Definition far_from (v a : rat) : bool := (v + 2 <= a) || (a <= v - 2).

Lemma near_coset (v a : rat) : cong1 a v -> ~~ far_from v a ->
  [\/ a = v - 1, a = v | a = v + 1].
Proof.
rewrite /far_from negb_or -!ltNge => av /andP[hi lo].
have two_int : (2 : rat) \is a Num.int by exact: natr_int.
have mtwo_int : (- 2 : rat) \is a Num.int by rewrite rpredN.
case: (ltgtP a v) => [lt|gt|->]; [constructor 1 | constructor 3 | by constructor 2].
- have := cong1_gap (cong1_sym av) lt.
  have := cong1_gap (cong1_trans av (cong1_sym (cong1_shift v mtwo_int))) lo.
  lra.
- have := cong1_gap av gt.
  have := cong1_gap (cong1_trans (cong1_shift v two_int) (cong1_sym av)) hi.
  lra.
Qed.

Lemma distinct_near_sum (v a b c : rat) :
  a != b -> b != c -> a != c ->
  [\/ a = v - 1, a = v | a = v + 1] -> [\/ b = v - 1, b = v | b = v + 1] ->
  [\/ c = v - 1, c = v | c = v + 1] -> a + b + c = 3 * v.
Proof.
move=> + + + ha hb hc.
by case: ha => ->; case: hb => ->; case: hc => ->; rewrite ?eqxx // => *; lra.
Qed.

Lemma adjust_mod3 (a v s : rat) :
  cong1 a v -> far_from v a -> cong1 s (3 * v) ->
  exists c A, [/\ between a v c, cong1 c a, cong1 A v & s - a + c = 3 * A].
Proof.
move=> av /orP[above | below] sv.
- have [m [mZ e0 e2]] := div3_rat sv.
  exists (a - (s - 3 * v - 3 * m)), (v + m); split.
  + by rewrite /between; apply/orP; right; apply/andP; split; lra.
  + by apply: cong1_shift; rewrite rpredN rpredB ?rpredM ?natr_int.
  + exact: cong1_shift.
  + ring.
- have nsv : - (s - 3 * v) \is a Num.int by rewrite rpredN.
  have [m [mZ e0 e2]] := div3_rat nsv.
  exists (a + (- (s - 3 * v) - 3 * m)), (v - m); split.
  + by rewrite /between; apply/orP; left; apply/andP; split; lra.
  + by apply: cong1_shift; rewrite rpredB ?rpredN ?rpredM ?natr_int.
  + by apply: cong1_shift; rewrite rpredN.
  + ring.
Qed.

What you have to do:
Wherever the line holding "move=> av /orP[above | below] sv." falls in the entries above, copy exactly from it through the line holding "have [m [mZ e0 e2]] := div3_rat nsv.", inclusive, and add nothing.

Output below:
move=> av /orP[above | below] sv.
- have [m [mZ e0 e2]] := div3_rat sv.
  exists (a - (s - 3 * v - 3 * m)), (v + m); split.
  + by rewrite /between; apply/orP; right; apply/andP; split; lra.
  + by apply: cong1_shift; rewrite rpredN rpredB ?rpredM ?natr_int.
  + exact: cong1_shift.
  + ring.
- have nsv : - (s - 3 * v) \is a Num.int by rewrite rpredN.
  have [m [mZ e0 e2]] := div3_rat nsv.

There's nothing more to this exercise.